[Start of section]

Lemma alignable_col0 n1 n2 m (M A : 'M[K]_(n2, m)) :
  alignable M A -> alignable (col_mx (0 : 'M_(n1, m)) M) (col_mx 0 A).
Proof.
move=> [U [Uu sub le]]; exists (block_mx 1%:M 0 0 U).
rewrite mul_block_col !mul0mx mulmx0 !addr0 add0r !redot_col redot0l !add0r.
split => //; first by apply: unitary_block_diag => //; apply: unitary1.
have row0E p (Z : 'M[K]_(m, p)) : row_mx (0 : 'M_(m, n1)) Z = Z *m row_mx 0 1%:M.
  by rewrite mul_mx_row mulmx0 mulmx1.
by rewrite /ran_sub !tr_col_mx !trmx0 !row0E submxMr.
Qed.

Lemma alignable_rank n m (M N : 'M[K]_(n, m)) :
  (\rank N <= \rank M)%N -> alignable M N.
Proof.
elim: n m M N => [|n IH] m M N rk.
  by apply: alignable_full; apply/eqP; rewrite -leqn0 rank_leq_row.
have [fullM|rkM] := leqP n.+1 (\rank M).
  by apply: alignable_full; apply/eqP; rewrite eqn_leq rank_leq_row.
have [e [ee eM eR]] := exists_unit_orthogonal rkM.
have [V Vu Ve] := unitary_first_column (n := n) ee eR.
have Wu := unitary_adjmx Vu; set W := V^H in Wu *.
set M2 := dsubmx (W *m M); set x := usubmx (W *m N); set A := dsubmx (W *m N).
have WME : W *m M = col_mx 0 M2.
  by rewrite -[LHS]vsubmxK -mul_usub_mx -adjmx_lsub Ve eM.
have WNE : W *m N = col_mx x A by rewrite vsubmxK.
have rkM2 : \rank M2 = \rank M by rewrite -(rank_col_0mx 1) -WME mxrank_unitary.
have rkxA : (\rank (col_mx x A) <= n)%N.
  by rewrite -WNE mxrank_unitary // -ltnS (leq_ltn_trans rk rkM).
have [G [A' [Gu GxA le]]] := clear_first_row M2 rkxA.
have rkA' : (\rank A' <= \rank M2)%N.
  by rewrite -(rank_col_0mx 1) -GxA mxrank_unitary // -WNE mxrank_unitary // rkM2.
apply: (alignable_unitary Wu); rewrite WME WNE.
apply: (alignable_trans Gu); first by rewrite GxA !redot_col !redot0l !add0r.
by rewrite GxA; apply/alignable_col0/IH.
Qed.
Lemma expr_imag_odd (t : R) n :
  (0 +i* t : C) ^+ n.*2.+1 = 0 +i* ((-1) ^+ n * t ^+ n.*2.+1).
Proof. by rewrite exprS expr_imag_even; simpc; congr (_ +i* _); rewrite exprS; ring. Qed.

Lemma exp_coeff_imag (t : R) k :
  (k`!%:R : C)^-1 * (0 +i* t) ^+ k = cos_coeff t k +i* sin_coeff t k.
Proof.
have -> : (k`!%:R : C)^-1 = ((k`!%:R : R)^-1)%:C.
  by rewrite rmorphV ?rmorph_nat // unitfE pnatr_eq0 -lt0n fact_gt0.
rewrite /cos_coeff /sin_coeff -[k]odd_double_half.
case: (odd k); rewrite /= ?add1n ?add0n odd_double doubleK /=.
  by rewrite expr_imag_odd; simpc; rewrite mulrC.
by rewrite expr_imag_even; simpc; rewrite -exprnP mulrC.
Qed.

Lemma expi_series_cvg (t : R) :
  (fun N => \sum_(k < N) (k`!%:R : C)^-1 * (0 +i* t) ^+ k) @ \oo --> expi t.
Proof.
have -> : (fun N => \sum_(k < N) (k`!%:R : C)^-1 * (0 +i* t) ^+ k) =
    (fun N => series (cos_coeff t) N +i* series (sin_coeff t) N).
  apply: funext => N; rewrite /series /= !big_mkord.
  elim: N => [|N IHN]; first by rewrite !big_ord0.
  by rewrite !big_ord_recr /= IHN exp_coeff_imag.
apply: cvg_complex; rewrite unlock.
  exact: is_cvg_series_cos_coeff.
exact: is_cvg_series_sin_coeff.
Qed.
End ComplexExponential.

Section SpectralCalculus.
Variables (C : numClosedFieldType) (n : nat) (P : 'M[C]_n).
Hypothesis P_unitary : P \is unitarymx.

Definition eigenproj (a : 'I_n) : 'M[C]_n := P^t* *m delta_mx a a *m P.

Definition spectral_fun (u : 'I_n -> C) : 'M[C]_n := \sum_a u a *: eigenproj a.

Lemma eigenprojM a b :
  eigenproj a *m eigenproj b = if a == b then eigenproj a else 0.
Proof.
rewrite /eigenproj !mulmxA mulmxtVK // -[_ *m delta_mx b b]mulmxA.
by rewrite mul_delta_mx_cond; case: eqP => [->|_]; rewrite ?mulmx0 ?mul0mx.
Qed.

Lemma sum_eigenproj : \sum_a eigenproj a = 1%:M.
Proof.
rewrite /eigenproj -mulmx_suml -mulmx_sumr -mx1_sum_delta mulmx1.
by apply/mulmx1C/unitarymxP.
Qed.

Lemma spectral_funM u v :
  spectral_fun u *m spectral_fun v = spectral_fun (fun a => u a * v a).
Proof.
rewrite /spectral_fun mulmx_suml; apply: eq_bigr => a _.
rewrite mulmx_sumr (bigD1 a) //= big1 ?addr0 => [|b /negPf ba].
  by rewrite -scalemxAl -scalemxAr eigenprojM eqxx scalerA mulrC.
by rewrite -scalemxAl -scalemxAr eigenprojM eq_sym ba !scaler0.
Qed.

Lemma spectral_fun_cst c : spectral_fun (fun=> c) = c%:M.
Proof. by rewrite /spectral_fun -scaler_sumr sum_eigenproj scalemx1. Qed.

Lemma spectral_funD u v :
  spectral_fun (fun a => u a + v a) = spectral_fun u + spectral_fun v.
Proof. by rewrite /spectral_fun -big_split; apply: eq_bigr => a _; rewrite scalerDl. Qed.

Lemma spectral_funZ c u : spectral_fun (fun a => c * u a) = c *: spectral_fun u.
Proof. by rewrite /spectral_fun scaler_sumr; apply: eq_bigr => a _; rewrite scalerA. Qed.

Lemma spectral_funN u : spectral_fun (fun a => - u a) = - spectral_fun u.
Proof.
rewrite -scaleN1r -spectral_funZ.
by congr spectral_fun; apply: funext => a; rewrite mulN1r.
Qed.

Lemma spectral_fun_sum (I : Type) (r : seq I) (u : I -> 'I_n -> C) :
  spectral_fun (fun a => \sum_(i <- r) u i a) = \sum_(i <- r) spectral_fun (u i).
Proof.
rewrite /spectral_fun exchange_big /=; apply: eq_bigr => a _.
by rewrite scaler_suml.
Qed.

Lemma spectral_funX u k : spectral_fun u ^+ k = spectral_fun (fun a => u a ^+ k).
Proof.
elim: k => [|k IHk]; first by rewrite expr0 -[1]/(1%:M : 'M[C]_n) -spectral_fun_cst.
rewrite exprS IHk -mulmxE spectral_funM.
by congr spectral_fun; apply: funext => a; rewrite exprS.
Qed.

Lemma spectral_fun_adj u : (spectral_fun u)^t* = spectral_fun (fun a => (u a)^*%R).
Proof.
rewrite /spectral_fun raddf_sum /= map_mx_sum; apply: eq_bigr => a _.
rewrite linearZ /= map_mxZ /eigenproj !trmx_mul !map_mxM trmxCK mulmxA.
by rewrite trmx_delta map_delta_mx ?conjC0 ?conjC1.
Qed.

Lemma spectral_fun_cvg (u : nat -> 'I_n -> C) (l : 'I_n -> C) :
  (forall a, (fun N => u N a) @ \oo --> l a) ->
  (fun N => spectral_fun (u N)) @ \oo --> spectral_fun l.
Proof.
move=> u_cvg; rewrite /spectral_fun.
elim: (index_enum _) => [|a r IHr].
  by under eq_fun do rewrite big_nil; rewrite big_nil; exact: cvg_cst.
under eq_fun do rewrite big_cons; rewrite big_cons.
by apply: cvgD; [exact: cvgZl | exact: IHr].
Qed.

Definition proj_tr (a : 'I_n) (S : 'M[C]_n) : C := \tr (eigenproj a *m S).

Lemma sum_proj_tr S : \sum_a proj_tr a S = \tr S.
Proof. by rewrite /proj_tr -raddf_sum -mulmx_suml sum_eigenproj mul1mx. Qed.

Lemma proj_trZ a c S : proj_tr a (c *: S) = c * proj_tr a S.
Proof. by rewrite /proj_tr -scalemxAr mxtraceZ. Qed.

Lemma proj_tr_sandwich a u S v :
  proj_tr a (spectral_fun u *m S *m spectral_fun v) = u a * v a * proj_tr a S.
Proof.
have eigenprojE : eigenproj a = spectral_fun (fun b => (b == a)%:R).
  rewrite /spectral_fun (bigD1 a) //= eqxx scale1r big1 ?addr0 // => b /negPf ->.
  by rewrite scale0r.
have : spectral_fun v *m eigenproj a *m spectral_fun u = (u a * v a) *: eigenproj a.
  rewrite eigenprojE !spectral_funM -spectral_funZ.
  by congr spectral_fun; apply: funext => b; case: eqP => [->|];
    rewrite ?mulr1 ?mulr0 ?mul0r // mulrC.
rewrite /proj_tr mulmxA mxtrace_mulC !mulmxA => ->.
by rewrite -scalemxAl mxtraceZ.
Qed.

[End of section]

ACTIVITY
Scan the entries for lines holding the string "under", then copy every one of them.

EXERCISE RESULT
  by under eq_fun do rewrite big_nil; rewrite big_nil; exact: cvg_cst.
under eq_fun do rewrite big_cons; rewrite big_cons.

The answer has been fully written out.